--- Data extracts Enclosed Below ---

Lemma weight_gt0 n P : 0 < weight n P -> exists2 a, a <= n & P a.
Proof.
elim: n P => [|n IH] P /=; first by case P0: (P 0) => // _; exists 0.
case P0: (P 0); first by exists 0.
by move=> /IH[a le_an Pa]; exists a.+1.
Qed.

Lemma sum_nat_double m F :
  \sum_(0 <= i < m.*2) F i = \sum_(0 <= i < m) F i.*2 + \sum_(0 <= i < m) F i.*2.+1.
Proof.
elim: m => [|m IH]; first by rewrite !big_geq.
by rewrite doubleS !big_nat_recr //= IH; lia.
Qed.

Lemma sum_vmod n (P : pred nat) : \sum_(0 <= x < 2 ^ n) P (vmod n x) = weight n P.
Proof.
elim: n P => [|n IH] P; first by rewrite big_nat1 /vmod dvdn0.
rewrite expnS mul2n sum_nat_double /= -(IH (fun a => P a.+1)) addnC.
congr (_ + _).
  by under eq_bigr => x _ do rewrite vmod_odd; rewrite sum_nat_const_nat subn0 mulnC.
by apply: eq_big_nat => x _; have := vmod_mul 1 n x; rewrite add1n expn1 mul2n => ->.
Qed.

Lemma card_layers n J :
  #|\bigcup_(i <- J) layer n i| = weight n (fun a => a.+1 \in J).
Proof.
rewrite -sum_vmod -sum1_card big_mkord big_mkcond /=.
by apply: eq_bigr => x _; rewrite mem_bigcup_layers; case: (_ \in J).
Qed.

Lemma weight_lt_prefix k n (P Q : pred nat) : k <= n ->
  (forall a, a < k -> Q a) -> weight n Q < weight n P ->
  (forall a, a < k -> P a) /\
  weight (n - k) (fun a => Q (k + a)) < weight (n - k) (fun a => P (k + a)).
Proof.
elim: k n P Q => [|k IH] n P Q le_kn Q_low lt_QP; first by rewrite subn0.
case: n le_kn lt_QP => [|n] //= le_kn.
rewrite Q_low //; case P0: (P 0) => /=; last first.
  by have := weight_le n (fun a => Q a.+1); have := weight_le n (fun a => P a.+1); lia.
rewrite ltn_add2l => /IH[//|a lt_ak|P_low lt_tail]; first exact: Q_low.
by split; [case | rewrite subSS].
Qed.

Lemma trunc_log2_bounds d : 1 < d -> 2 <= 2 ^ trunc_log 2 d <= d.
Proof.
move=> lt_1d; rewrite trunc_logP ?(ltnW lt_1d) // andbT.
by rewrite -[leqLHS]expn1 leq_exp2l // trunc_log_gt0.
Qed.

Lemma Iaux_fuel k1 k2 d : d <= k1 -> d <= k2 -> Iaux k1 d = Iaux k2 d.
Proof.
elim: k1 k2 d => [|k1 IH] [|k2] d //=; try by case: d => //= _ _; case: ifP.
case: ifPn => // /negbTE; rewrite leqNgt => /negbFE /trunc_log2_bounds bounds le_d1 le_d2.
by congr (_ ++ map _ _); apply: IH; lia.
Qed.

Lemma Iset_rec d : 1 < d ->
  Iset d = iota 1 (trunc_log 2 d) ++
    map (fun j => j + trunc_log 2 d + 1) (Iset (d - 2 ^ trunc_log 2 d + 1)).
Proof.
move=> lt_1d; have := trunc_log2_bounds lt_1d.
rewrite /Iset; case: d lt_1d => [|d] //= lt_1d bounds; rewrite leqNgt lt_1d /=.
by congr (_ ++ map _ _); apply: Iaux_fuel; lia.
Qed.

Lemma Iaux_gt0 k d : 0 \notin Iaux k d.
Proof.
elim: k d => [|k IH] d //=; case: ifP => // _.
by rewrite mem_cat mem_iota negb_or /=; apply/mapP => [[j _]]; rewrite addn1.
Qed.

(* The valuations occurring in [Cset n d]; the layer [L_i] consists of the
   residues of valuation [i - 1]. *)
Definition Cval d : pred nat := fun a => a.+1 \in Iset d.

Lemma Cval_rec d a : 1 < d ->
  let l := trunc_log 2 d in
  Cval d a = (a < l) || (l < a) && Cval (d - 2 ^ l + 1) (a - l.+1).
Proof.
move=> lt_1d l; rewrite /Cval Iset_rec // -/l mem_cat mem_iota add1n ltnS /= ltnS.
have [//|le_la] := ltnP a l; have [lt_la|] := ltnP l a.
  rewrite (_ : a.+1 = (a - l.+1).+1 + l + 1); last by lia.
  by rewrite (mem_map (f := fun j => j + l + 1)) // => i j /addIn /addIn.
rewrite leqNgt => /negbTE lt_al; apply/mapP => [[j]].
by move=> + def_a; rewrite (_ : j = 0) ?(negbTE (Iaux_gt0 _ _)) //; lia.
Qed.

Lemma weight_Cval_lt d n (P : pred nat) : 1 < d ->
  let l := trunc_log 2 d in
  weight n (Cval d) < weight n P ->
  (forall a, a <= minn l n -> P a) \/
  [/\ l < n, forall a, a < l -> P a &
      weight (n - l.+1) (Cval (d - 2 ^ l + 1)) < weight (n - l.+1) (fun a => P (l.+1 + a))].
Proof.
move=> lt_1d l lt_weight.
have Cval_low a : a < l -> Cval d a by move=> lt_al; rewrite Cval_rec // lt_al.
have [le_nl|lt_ln] := leqP n l.
  have [|P_low] := weight_lt_prefix (leqnn n) _ lt_weight.
    by move=> a lt_an; apply/Cval_low/(leq_trans lt_an).
  rewrite subnn /= addn0 => lt_Pn; left => a.
  rewrite leq_eqVlt => /predU1P[->|/P_low//].
  by case: (P n) lt_Pn; rewrite ltnNge.
have [P_low] := weight_lt_prefix (ltnW lt_ln) Cval_low lt_weight.
rewrite (_ : n - l = (n - l.+1).+1) /=; last by lia.
have -> : Cval d (l + 0) = false by rewrite addn0 Cval_rec // ltnn.
case Pl: (P (l + 0)) => /=.
  by left => a; rewrite leq_eqVlt => /predU1P[->|/P_low//]; rewrite -(addn0 l) Pl.
move=> lt_tail; right; split=> //; move: lt_tail.
rewrite (@eq_weight _ (fun a => Cval d (l + a.+1)) (Cval (d - 2 ^ l + 1))).
  rewrite (@eq_weight _ (fun a => P (l + a.+1)) (fun a => P (l.+1 + a))) //.
  by move=> a; rewrite addnS.
move=> a; rewrite Cval_rec // -/l (_ : l + a.+1 - l.+1 = a); last by lia.
by rewrite ltnNge leq_addr addnS ltnS leq_addr.
Qed.

Definition proj_cube_val n d (P : pred nat) (t : 'I_d -> nat) :=
  forall I : {set 'I_d}, I != set0 -> P (vmod n (\sum_(i in I) t i)).
Arguments proj_cube_val n d P t : clear implicits.

Lemma proj_cube_val1 n a (P : pred nat) : a <= n -> P a ->
  proj_cube_val n 1 P (fun _ => 2 ^ a).
Proof.
move=> le_an Pa I; rewrite sum_nat_const -card_gt0 => I_gt0.
have le_I1 := max_card I; rewrite card_ord in le_I1.
by rewrite (_ : #|I| = 1) ?mul1n ?vmod_pow //; lia.
Qed.

Lemma proj_cube_val_ones n d (P : pred nat) :
  (forall a, a <= minn (trunc_log 2 d) n -> P a) -> proj_cube_val n d P (fun _ => 1).
Proof.
move=> P_low I; rewrite sum1_card -card_gt0 => I_gt0; apply: P_low.
have [le_vn _ _] := vmod_spec n #|I|; rewrite leq_min le_vn andbT.
apply: leq_trans (vmod_le_logn _ I_gt0) (trunc_log_max _ _) => //.
by rewrite (leq_trans (exp_logn_le I_gt0)) // -[leqRHS]card_ord max_card.
Qed.

Lemma sum_split_set m k (I : {set 'I_(m + k)}) (F : 'I_(m + k) -> nat) :
  \sum_(i in I) F i = \sum_(i in [set i | lshift k i \in I]) F (lshift k i) +
                      \sum_(j in [set j | rshift m j \in I]) F (rshift m j).
Proof. by rewrite big_split_ord; congr (_ + _); apply: eq_bigl => i; rewrite inE. Qed.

--- End of Enclosed Data extracts ---

Description of the task: Check each line of the data above for the string "andbT", and copy the ones that have it.

Written answer:
move=> lt_1d; rewrite trunc_logP ?(ltnW lt_1d) // andbT.
have [le_vn _ _] := vmod_spec n #|I|; rewrite leq_min le_vn andbT.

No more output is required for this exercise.